* [YOUR GOAL] Scan the lines below for "maxcond" and copy the matches.

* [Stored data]
┌──

(* Let $(\mathcal E,B,\mathcal L_{\mathcal P})$ be an epistemic space, $\mathcal S$ a set of agents, and $\Phi\mapsto\succeq_\Phi$ an assignment satisfying Properties 3 and 4. Then the assignment satisfies Property 2 if and only if it satisfies the Maximality Condition.
   Context: An epistemic space: $\mathcal E$ nonempty, $B:\mathcal E\to\mathcal L_{\mathcal P}$ whose image modulo equivalence is exactly the consistent propositional formulas over a finite variable set $\mathcal P$; $\mathcal W_{\mathcal P}$ valuations, $[\![\phi]\!]$ models. Agents: well-ordered set $\mathcal S$; society: nonempty finite $N\subseteq\mathcal S$; $N$-profile: $\Phi:N\to\mathcal E$ with $E_i=\Phi(i)$, identified with $E_i$ when $N=\{i\}$; $\Phi\upharpoonright_M$ restriction; partition $\{N_1,N_2\}$ of $N$: nonempty disjoint sets with union $N$. An assignment maps each profile $\Phi$ to a total preorder $\succeq_\Phi$ on $\mathcal W_{\mathcal P}$ ($\succ$ strict part; $\max(\succeq)$ the set of maximal elements). Properties, for all societies $N$, partitions $\{N_1,N_2\}$, $N$-profiles $\Phi$, interpretations $w,w'$: (2) if $\bigwedge_{i\in N}B(E_i)\nvdash\bot$ then $[\![\bigwedge_{i\in N}B(E_i)]\!]=\max(\succeq_\Phi)$; (3) if $w\succeq_{\Phi\upharpoonright_{N_1}}w'$ and $w\succeq_{\Phi\upharpoonright_{N_2}}w'$ then $w\succeq_\Phi w'$; (4) if $w\succeq_{\Phi\upharpoonright_{N_1}}w'$ and $w\succ_{\Phi\upharpoonright_{N_2}}w'$ then $w\succ_\Phi w'$. Maximality Condition: for every agent $i$ and every $i$-profile $E_i$, $[\![B(E_i)]\!]=\max(\succeq_{E_i})$. *)

From mathcomp Require Import all_boot.
From Stdlib Require List.
Set Implicit Arguments. Unset Strict Implicit. Unset Printing Implicit Defensive.

Inductive form (P : finType) : Type :=
| FVar of P
| FTop
| FBot
| FNot of form P
| FAnd of form P & form P
| FOr of form P & form P
| FImp of form P & form P.

Definition valuation (P : finType) := P -> bool.

Fixpoint sat (P : finType) (w : valuation P) (f : form P) : Prop :=
  match f with
  | FVar p => w p = true
  | FTop => True
  | FBot => False
  | FNot g => ~ sat w g
  | FAnd g h => sat w g /\ sat w h
  | FOr g h => sat w g \/ sat w h
  | FImp g h => sat w g -> sat w h
  end.

(** consistency (phi |/- bot) and equivalence, semantically (sound & complete) *)
Definition consistent (P : finType) (f : form P) : Prop := exists w, sat w f.
Definition form_equiv (P : finType) (f g : form P) : Prop :=
  forall w, sat w f <-> sat w g.

Definition epistemic_space (P : finType) (E : Type) (B : E -> form P) : Prop :=
  inhabited E /\
  (forall e, consistent (B e)) /\
  (forall f, consistent f -> exists e, form_equiv (B e) f).

Definition well_order (S : Type) (lt : S -> S -> Prop) : Prop :=
  well_founded lt /\
  (forall x, ~ lt x x) /\
  (forall x y z, lt x y -> lt y z -> lt x z) /\
  (forall x y, lt x y \/ x = y \/ lt y x).

Definition society (S : Type) (N : S -> Prop) : Prop :=
  (exists l : list S, forall i, N i <-> List.In i l) /\ (exists i, N i).

Definition partition2 (S : Type) (N N1 N2 : S -> Prop) : Prop :=
  (exists i, N1 i) /\ (exists i, N2 i) /\
  (forall i, N1 i -> N2 i -> False) /\
  (forall i, N i <-> N1 i \/ N2 i).

(** An N-profile is represented by a total function Phi : S -> E, of which
    only the values on N matter; an assignment takes a society N and such a
    Phi, and must not depend on values outside N. Hence restriction of a
    profile Phi to M is just (M, Phi). *)
Definition assignmentT (S E W : Type) := (S -> Prop) -> (S -> E) -> W -> W -> Prop.

Definition total_preorder (W : Type) (R : W -> W -> Prop) : Prop :=
  (forall x y z, R x y -> R y z -> R x z) /\ (forall x y, R x y \/ R y x).

Definition strict (W : Type) (R : W -> W -> Prop) (x y : W) : Prop :=
  R x y /\ ~ R y x.

Definition maxset (W : Type) (R : W -> W -> Prop) (w : W) : Prop :=
  forall w', R w w'.

Definition is_assignment (S E W : Type) (A : assignmentT S E W) : Prop :=
  (forall N Phi, society N -> total_preorder (A N Phi)) /\
  (forall N Phi Psi, society N -> (forall i, N i -> Phi i = Psi i) ->
     forall w w', A N Phi w w' <-> A N Psi w w').

Definition conj_models (P : finType) (S E : Type) (B : E -> form P)
  (N : S -> Prop) (Phi : S -> E) (w : valuation P) : Prop :=
  forall i, N i -> sat w (B (Phi i)).

Definition property2 (P : finType) (S E : Type) (B : E -> form P)
  (A : assignmentT S E (valuation P)) : Prop :=
  forall N Phi, society N ->
    (exists w, conj_models B N Phi w) ->
    forall w, conj_models B N Phi w <-> maxset (A N Phi) w.

Definition property3 (S E W : Type) (A : assignmentT S E W) : Prop :=
  forall N N1 N2 Phi, society N -> partition2 N N1 N2 ->
    forall w w', A N1 Phi w w' -> A N2 Phi w w' -> A N Phi w w'.

Definition property4 (S E W : Type) (A : assignmentT S E W) : Prop :=
  forall N N1 N2 Phi, society N -> partition2 N N1 N2 ->
    forall w w', A N1 Phi w w' -> strict (A N2 Phi) w w' ->
      strict (A N Phi) w w'.

Definition single (S : Type) (i : S) : S -> Prop := fun j => j = i.

Definition maximality_condition (P : finType) (S E : Type) (B : E -> form P)
  (A : assignmentT S E (valuation P)) : Prop :=
  forall (i : S) (Phi : S -> E) (w : valuation P),
    sat w (B (Phi i)) <-> maxset (A (single i) Phi) w.

From Stdlib Require Import Classical FunctionalExtensionality PropExtensionality List.
From Pilot Require Import Defs.
From mathcomp Require Import all_boot.
Set Implicit Arguments. Unset Strict Implicit.

(* Societies are built from singletons by disjoint unions, so it suffices to
   show that Property 2 on both blocks of a partition gives Property 2 on the
   whole society.  The models of the conjunction over N are those of both
   blocks; by Property 3 they are maximal for N.  Conversely, if w is maximal
   for N but not for a block M, a common model w0 is strictly better than w on
   M and at least as good on the other block, so Property 4 makes w0 strictly
   better than w on N, a contradiction. *)

Definition property2_on (P : finType) (S E : Type) (B : E -> form P)
  (A : assignmentT S E (valuation P)) (N : S -> Prop) : Prop :=
  forall Phi, (exists w, conj_models B N Phi w) ->
    forall w, conj_models B N Phi w <-> Defs.maxset (A N Phi) w.

Lemma partition2_sym (S : Type) (N N1 N2 : S -> Prop) :
  partition2 N N1 N2 -> partition2 N N2 N1.
Proof.
move=> [ne1 [ne2 [disj cover]]]; do 3![split=> //].
- by move=> i h2 h1; exact: (disj i h1 h2).
- by move=> i; rewrite cover; tauto.
Qed.

Lemma society_single (S : Type) (a : S) : society (single a).
Proof.
split; last by exists a.
by exists [:: a] => i; rewrite /single /=; split=> [->|[->|[]]]; [left|].
Qed.

Lemma conj_models_single (P : finType) (S E : Type) (B : E -> form P)
    (a : S) (Phi : S -> E) (w : valuation P) :
  conj_models B (single a) Phi w <-> sat w (B (Phi a)).
Proof. by split=> [H|H i ->]; [exact: H|]. Qed.

Lemma society_ind (S : Type) (Q : (S -> Prop) -> Prop) :
  (forall a, Q (single a)) ->
  (forall N N1 N2, society N -> society N1 -> society N2 ->
     partition2 N N1 N2 -> Q N1 -> Q N2 -> Q N) ->
  forall N, society N -> Q N.
Proof.
move=> Qsingle Qunion N [[l HN] [i Ni]].
elim: l N HN i Ni => [|a l IH] N HN i Ni; first by move: Ni; rewrite HN.
have [al|nal] := classic (In a l).
  apply: (IH _ _ i Ni) => j; rewrite HN /=.
  by split=> [[<-|]|]; [|done|right].
case: l IH HN nal => [|b l] IH HN nal.
  have -> : N = single a.
    apply: functional_extensionality => j; apply: propositional_extensionality.
    by rewrite HN /single /=; split=> [[]|->]; [|done|left].
  exact: Qsingle.
have sl : society (fun j => In j (b :: l)) by split; [exists (b :: l)|exists b; left].
have sN : society N by split; [exists (a :: b :: l)|exists i].
have pt : partition2 N (single a) (fun j => In j (b :: l)).
  split; [by exists a|split; [by exists b; left|split]].
  - by move=> j ->.
  - by move=> j; rewrite HN /single /=; split=> [[->|]|[->|]]; [left|right|left|right].
apply: (Qunion N _ _ sN (society_single a) sl pt (Qsingle a)).
exact: (IH _ (fun _ => iff_refl _) b (or_introl erefl)).
Qed.

Section Partition.

Variables (P : finType) (S E : Type) (B : E -> form P).
Variable A : assignmentT S E (valuation P).
Hypotheses (assignA : is_assignment A) (p3 : property3 A) (p4 : property4 A).

Lemma maxset_block (N M' M : S -> Prop) (Phi : S -> E) (w0 w : valuation P) :
  society N -> society M -> partition2 N M' M ->
  Defs.maxset (A M' Phi) w0 -> Defs.maxset (A M Phi) w0 ->
  Defs.maxset (A N Phi) w -> Defs.maxset (A M Phi) w.
Proof.
move=> sN sM pt maxM' maxM maxN w''; apply: NNPP => notww''.
have [transM _] := assignA.1 M Phi sM.
have w0_better : strict (A M Phi) w0 w.
  by split=> [|ww0]; [exact: maxM|apply: notww''; exact: transM ww0 (maxM w'')].
have [_ notw] := p4 sN pt (maxM' w) w0_better.
exact: notw (maxN w0).
Qed.

Lemma property2_on_partition (N N1 N2 : S -> Prop) :
  society N -> society N1 -> society N2 -> partition2 N N1 N2 ->
  property2_on B A N1 -> property2_on B A N2 -> property2_on B A N.
Proof.
move=> sN sN1 sN2 pt G1 G2 Phi [w0 cw0] w.
have [_ [_ [_ cover]]] := pt.
have restr1 v : conj_models B N Phi v -> conj_models B N1 Phi v.
  by move=> H j Hj; apply: H; rewrite cover; left.
have restr2 v : conj_models B N Phi v -> conj_models B N2 Phi v.
  by move=> H j Hj; apply: H; rewrite cover; right.
have e1 : exists v, conj_models B N1 Phi v by exists w0; exact: restr1.
have e2 : exists v, conj_models B N2 Phi v by exists w0; exact: restr2.
have max1 := (G1 Phi e1 w0).1 (restr1 _ cw0).
have max2 := (G2 Phi e2 w0).1 (restr2 _ cw0).
split=> [cw w'|maxN j Nj].
  by apply: (p3 sN pt); [exact: (G1 Phi e1 w).1 (restr1 _ cw) w'|exact: (G2 Phi e2 w).1 (restr2 _ cw) w'].
move: (Nj); rewrite cover => -[N1j|N2j].
- apply: ((G1 Phi e1 w).2 _ j N1j).
  exact: maxset_block sN sN1 (partition2_sym pt) max2 max1 maxN.
- apply: ((G2 Phi e2 w).2 _ j N2j).
  exact: maxset_block sN sN2 pt max1 max2 maxN.
Qed.

End Partition.

Theorem mainTheorem6 (P : finType) (E : Type) (B : E -> form P)
  (S : Type) (ltS : S -> S -> Prop)
  (A : assignmentT S E (valuation P)) :
  epistemic_space B -> well_order ltS -> is_assignment A ->
  property3 A -> property4 A ->
  (property2 B A <-> maximality_condition B A).
Proof.
move=> [_ [consB _]] _ assignA p3 p4; split.
- move=> p2 i Phi w; rewrite -(conj_models_single B i).
  apply: p2; first exact: society_single.
  by have [v Hv] := consB (Phi i); exists v; apply/conj_models_single.
- move=> maxcond N Phi sN.
  apply: (society_ind (Q := property2_on B A) _ _ sN Phi).
  + by move=> a Psi _ w; rewrite conj_models_single; exact: maxcond.
  + exact: property2_on_partition.
Qed.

└──

* [THE COMPLETED TASK]
- move=> maxcond N Phi sN.
  + by move=> a Psi _ w; rewrite conj_models_single; exact: maxcond.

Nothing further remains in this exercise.